Effect on cell viability of HpI4, HpI6, trastuzumab, and their combinations at different concentrations in MDA-MB-453 cells. (a) Effect of 50 and 100 µg/mL of TZ compared to control cells (non-treated). (b,c) Effects of HpI4 (b) and HpI6 (c), either alone or in combination with 100 µg/mL of TZ, on MDA-MB-453 (330,000 cells/well) cell viability. All analyses were performed 3 days after transfection. Data represents the mean +/− SEM from at least three replicates. Statistical significance was determined using a one-way ANOVA with Dunnett’s multiple comparison test (* p < 0.05, ** p< 0.01, *** p < 0.001, **** p < 0.0001). (d) A representative image of the effect of HpI4 and HpI6 and their combinations with TZ on HER-2 protein levels. Protein extracts from MDA-MB-453 cells (330,000/well) were obtained after 48 h of transfection with 300 nM of PPRHs, either in the absence or in the presence of 100 µg/mL of TZ and analyzed by Western blot. The signal detected for tubulin was used to normalize the results. The determination was performed three times with consistent results.

Figure 5

In vivo effects of HpI6. A sample of 330,000 MDA-MB-453 cells/well was seeded in 6-well dishes and transfected the following day with 400 nM of HpI6. Forty-eight hours after transfection, cells were inoculated in the CAM of chicken embryonated eggs. One week later, tumors were extracted and weighed. (a) Main steps in the CAM assay since the inoculation of MDA-MB-453 cells in the chick chorioallantoic membrane until the obtention of tumors. (b) The size of the control tumors (upper row) and those derived from cells transfected with HpI6 (lower row) is shown. (c) Distribution of tumor weight between control and transfected samples. (d) Representative blots of HER-2 levels determined by Western blot in total protein extracts prepared from pools of control (n = 9) and transfected tumors (n = 8). The signal corresponding to tubulin was used to normalize the results. Statistical significance was determined using an unpaired t-test (**** p < 0.0001).

Figure 6

(a) Effect of HpI4, HpI6, trastuzumab, and their combinations on tumor weight.
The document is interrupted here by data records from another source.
Theorem theorem7p1
  (R : realType) (d : measure_display) (X : measurableType d)
  (D : X -> X -> R) (HD : is_metric D)
  (Hborel : (@measurable d X) = <<s metric_open D >>)
  (P : probability X R)
  (t s : nat) (U : 'I_t -> set X)
  (Hcover : forall x : X, exists i, U i x)
  (HUmeas : forall i, measurable (U i))
  (HUbdd : forall i, metric_bounded D (U i))
  (HUconn : forall i, metric_connected D (U i))
  (HUpos : forall i, (0 < P (U i))%E)
  (HUneq : forall i, U i <> setT)
  (* population quality functions Q^i : clusterings x measures -> R *)
  (Q : 'I_t -> (X -> 'I_s) -> (set X -> \bar R) -> R)
  (HQinv : forall i (g h : X -> 'I_s) (sigma : {perm 'I_s}) mu,
     (forall x, U i x -> h x = sigma (g x)) -> Q i h mu = Q i g mu)
  (* optimal Mapper function *)
  (f : 'I_t -> X -> 'I_s)
  (Hfmin : forall i (g : X -> 'I_s),
     Q i (f i) (Pcond P U i) <= Q i g (Pcond P U i) /\
     (Q i g (Pcond P U i) = Q i (f i) (Pcond P U i) ->
        exists sigma : {perm 'I_s}, forall x, U i x -> g x = sigma (f i x)))
  (* empirical quality functions Q^i_m and their minimisers C^i_m *)
  (Qm : forall (i : 'I_t) (m : nat), ('I_m -> X) -> ('I_m -> 'I_s) -> R)
  (HQm_order : forall i m (Y : 'I_m -> X) (c : 'I_m -> 'I_s) (rho : {perm 'I_m}),
     Qm i m (Y \o rho) (c \o rho) = Qm i m Y c)
  (HQm_label : forall i m (Y : 'I_m -> X) (c : 'I_m -> 'I_s) (sigma : {perm 'I_s}),
     Qm i m Y (sigma \o c) = Qm i m Y c)
  (C : forall (i : 'I_t) (m : nat), ('I_m -> X) -> 'I_m -> 'I_s)
  (c0 : 'I_t -> 'I_s)
  (HCmin : forall i m (Y : 'I_m.+1 -> X), (forall j, U i (Y j)) ->
     forall c : 'I_m.+1 -> 'I_s,
       Qm i m.+1 Y (C i m.+1 Y) <= Qm i m.+1 Y c /\
       (Qm i m.+1 Y c = Qm i m.+1 Y (C i m.+1 Y) ->
          exists sigma : {perm 'I_s}, forall j, c j = sigma (C i m.+1 Y j)))
  (* all clusterings have connected clusters *)
  (Hfconn : forall i (c : 'I_s), metric_connected D (U i `&` (f i @^-1` [set c])))
  (HCconn : forall i m (Y : 'I_m -> X), (forall j, U i (Y j)) ->
     forall c : 'I_s,
       metric_connected D (U i `&` (voronoi D Y (C i m Y) (c0 i) @^-1` [set c])))
  (n : nat) (gamma : R) (Hgamma : 0 <= gamma)
  (* InStab is a random variable; the events below are measurable *)
  (HDMmeas : measurable_fun [set: n.-tuple X * n.-tuple X]
     (fun p : n.-tuple X * n.-tuple X =>
        (DM U (emp_mapper D U C c0 p.1) (emp_mapper D U C c0 p.2)
            (tval p.1 ++ tval p.2) : R)))
  (HDbdmeas : measurable [set Xs : n.-tuple X |
                (gamma%:E < Dbd D U (emp_mapper D U C c0 Xs) f)%E])
  : (InStab D P U C c0 n <=
     2%:E * (P (Tube D U f gamma)
             + probn P [set Xs : n.-tuple X |
                 (gamma%:E < Dbd D U (emp_mapper D U C c0 Xs) f)%E]
             + probn P [set Xs : n.-tuple X | exists i, n_i U Xs i = 0%N]))%E.
Proof.
set T := Tube D U f gamma.
set B := [set Xs : n.-tuple X |
  (gamma%:E < Dbd D U (emp_mapper D U C c0 Xs) f)%E].
have mT : measurable T by exact: measurable_Tube.
have InStab_le : (InStab D P U C c0 n <= 2%:E * probn P B + P T)%E.
  apply: (iexp2_indic_count_le P mT) => X1 X2; first by rewrite lee_fin DM_ge0.
  by rewrite lee_fin; apply: (DM_samples_le HD).
apply: le_trans InStab_le _.
have PT0 : (0 <= P T)%E by exact: measure_ge0.
rewrite ge0_muleDr ?adde_ge0 ?probn_ge0 // ge0_muleDr ?probn_ge0 //.
rewrite addeAC [leLHS]addeC; apply: leeD2r.
apply: le_trans (leeDl _ _); last by rewrite mule_ge0 ?probn_ge0.
by rewrite mule_natl mule2n leeDl.
Qed.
MDA-MB-453 cells were transfected with 300 nM of HpI4 or HpI6, either in the absence or presence of 100 µg/mL of TZ. Forty-eight hours after transfection, cells were inoculated in the CAM of chicken embryonated eggs, and one week later, tumors were extracted and weighed. The distribution of tumor weights between control, antibody-treated, and transfected samples is shown. (b) HER-2 levels determined by Western blot in total protein extracts prepared from tumor pools derived from control (n = 18), antibody-treated (n = 19), and PPRH-transfected cells, either in the absence (n = 8 for HpI4 and n = 11 for HpI6) or in the presence of TZ (n = 9 for CB HpI4 and n = 11 for CB HpI6). The tubulin signal was used to normalize the results. Statistical significance was determined using a one-way ANOVA with Dunnett’s multiple comparison test (* p < 0.05, ** p< 0.01, **** p < 0.0001).